The problem with that theory in reality, however, is that the 2012 field isn’t full of moderates and the demographics of those supporting a moderate Republican are the opposite of those who would support a Tea Party candidate.

“The ten percent thinking about Bachmann would not be thinking about [Jon] Huntsman, for example,” one GOP source put it succinctly.

There’s also the chance that Bachmann could become the Mike Huckabee of 2012.

As the primary season progressed in the 2008 election cycle, the race came down to Mitt Romney, John McCain and Mike Huckabbee. Some think the fact that Huckabee hung in there so long was a factor in McCain eventually taking the nomination over Romney.

“He [Huckabee], in affect, killed Romney’s chance to really start putting wood to McCain,” said the GOP source, who did not want to talk on the record because of ties to several of the presidential campaigns.

“It’s possible she could play that role in some capacity. If she’s getting 10 percent somewhere, that’s 10 percent someone’s not getting.”
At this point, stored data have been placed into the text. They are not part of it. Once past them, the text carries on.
Lemma exp_RInt_Chasles lo hi : exp_RInt a h lo hi = exp_RInt a h 0 hi - exp_RInt a h 0 lo.
Proof.
  unfold exp_RInt.
  rewrite <- (RInt_Chasles (V := R_CompleteNormedModule) _ 0 lo hi) by apply ex_RInt_exp_mult.
  symmetry; apply Rplus_minus_l.
Qed.

Lemma is_derive_exp_RInt t : is_derive (exp_RInt a h 0) t (exp (a * t) * h t).
Proof.
  apply (is_derive_RInt (V := R_CompleteNormedModule)
           (fun s => exp (a * s) * h s) (exp_RInt a h 0) 0 t); [| apply continuous_exp_mult].
  apply filter_forall. intros b. apply RInt_correct, ex_RInt_exp_mult.
Qed.

Lemma exp_RInt_shift T lo hi : periodic T h ->
  exp_RInt a h (lo + T) (hi + T) = exp (a * T) * exp_RInt a h lo hi.
Proof.
  intros hp. unfold exp_RInt.
  rewrite <- (RInt_scal (V := R_CompleteNormedModule)) by apply ex_RInt_exp_mult.
  replace (lo + T) with (1 * lo + T) by ring. replace (hi + T) with (1 * hi + T) by ring.
  rewrite <- (RInt_comp_lin (V := R_CompleteNormedModule)) by apply ex_RInt_exp_mult.
  apply RInt_ext. intros s _. unfold scal; simpl; unfold mult; simpl.
  replace (1 * s) with s by ring. rewrite hp, Rmult_plus_distr_l, exp_plus. ring.
Qed.

End ExpRInt.

Lemma exp_RInt_minus a (h g : R -> R) lo hi :
  (forall s, continuous h s) -> (forall s, continuous g s) ->
  exp_RInt a h lo hi - exp_RInt a g lo hi = exp_RInt a (fun s => h s - g s) lo hi.
Proof.
  intros hc gc. unfold exp_RInt.
  rewrite <- (RInt_minus (V := R_CompleteNormedModule)) by (apply ex_RInt_exp_mult; auto).
  apply RInt_ext. intros. unfold minus, plus, opp; simpl. ring.
Qed.

Lemma exp_RInt_le a (h g : R -> R) lo hi :
  (forall s, continuous h s) -> (forall s, continuous g s) -> lo <= hi ->
  (forall s, lo <= s <= hi -> h s <= g s) -> exp_RInt a h lo hi <= exp_RInt a g lo hi.
Proof.
  intros hc gc hlo hle. apply RInt_le; try (apply ex_RInt_exp_mult; auto); auto.
  intros s hs. apply Rmult_le_compat_l; [apply Rlt_le, exp_pos | apply hle; lra].
Qed.

Lemma exp_RInt_const a c lo hi : a <> 0 ->
  exp_RInt a (fun _ => c) lo hi = c * (exp (a * hi) - exp (a * lo)) / a.
Proof.
  intros ha. unfold exp_RInt. apply is_RInt_unique.
  replace (c * (exp (a * hi) - exp (a * lo)) / a)
    with (minus (c * exp (a * hi) / a) (c * exp (a * lo) / a))
    by (unfold minus, plus, opp; simpl; field; auto).
  apply (is_RInt_derive (fun s => c * exp (a * s) / a)).
  - intros s _. auto_derive; [auto | field; auto].
  - intros s _. apply (continuous_exp_mult a (fun _ => c)). intros; apply continuous_const.
Qed.

Lemma exp_RInt_abs_le a (h : R -> R) H lo hi :
  a <> 0 -> (forall s, continuous h s) -> lo <= hi ->
  (forall s, lo <= s <= hi -> Rabs (h s) <= H) ->
  Rabs (exp_RInt a h lo hi) <= H * (exp (a * hi) - exp (a * lo)) / a.
Proof.
  intros ha hc hlo hb. apply Rabs_le.
  replace (- (H * (exp (a * hi) - exp (a * lo)) / a))
    with ((- H) * (exp (a * hi) - exp (a * lo)) / a) by (field; auto).
  rewrite <- !exp_RInt_const by auto.
  split; apply exp_RInt_le; auto; try (intros; apply continuous_const);
    intros s hs; specialize (hb s hs); apply Rabs_le_between in hb; lra.
Qed.

Ltac exp_expand :=
  unfold Rminus;
  repeat rewrite ?Rmult_plus_distr_l, ?Ropp_plus_distr, ?Ropp_mult_distr_l_reverse,
    ?Ropp_mult_distr_r_reverse, ?exp_plus, ?exp_Ropp.

Ltac split_conj := repeat match goal with |- _ /\ _ => split end; try exact I.

Ltac exp_nonzero := repeat split; first [apply Rgt_not_eq, exp_pos | lra].

Section Green.
Variables k T : R.
Hypotheses (hk : 0 < k) (hT : 0 < T).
So has Michele Bachmann peaked? In the last week she’s received criticism for things like advocating drilling for oil in the Florida Everglades, for her confusing statement on God’s wrath being behind Hurricane Irene, and for not competing in the New Hampshire primary. And now, many are questioning her once easy road in the Iowa caucus.

The negative press, combined with the sliding poll numbers don’t bode well for the congresswoman.

“She’s likely to fade,” said Patrick Hynes, president of Hynes Communications in New Hampshire.

Hynes added that Bachmann’s decision to essentially not campaign or compete in New Hampshire will hurt her even more.

“Once you tell people you’re going to lose, they’re going to think of you as a loser,” he told TheDC. Moreover, Hynes said, the spoiler role is a “dangerous place to be in.”

The Bachmann campaign did not return a request to comment for this story.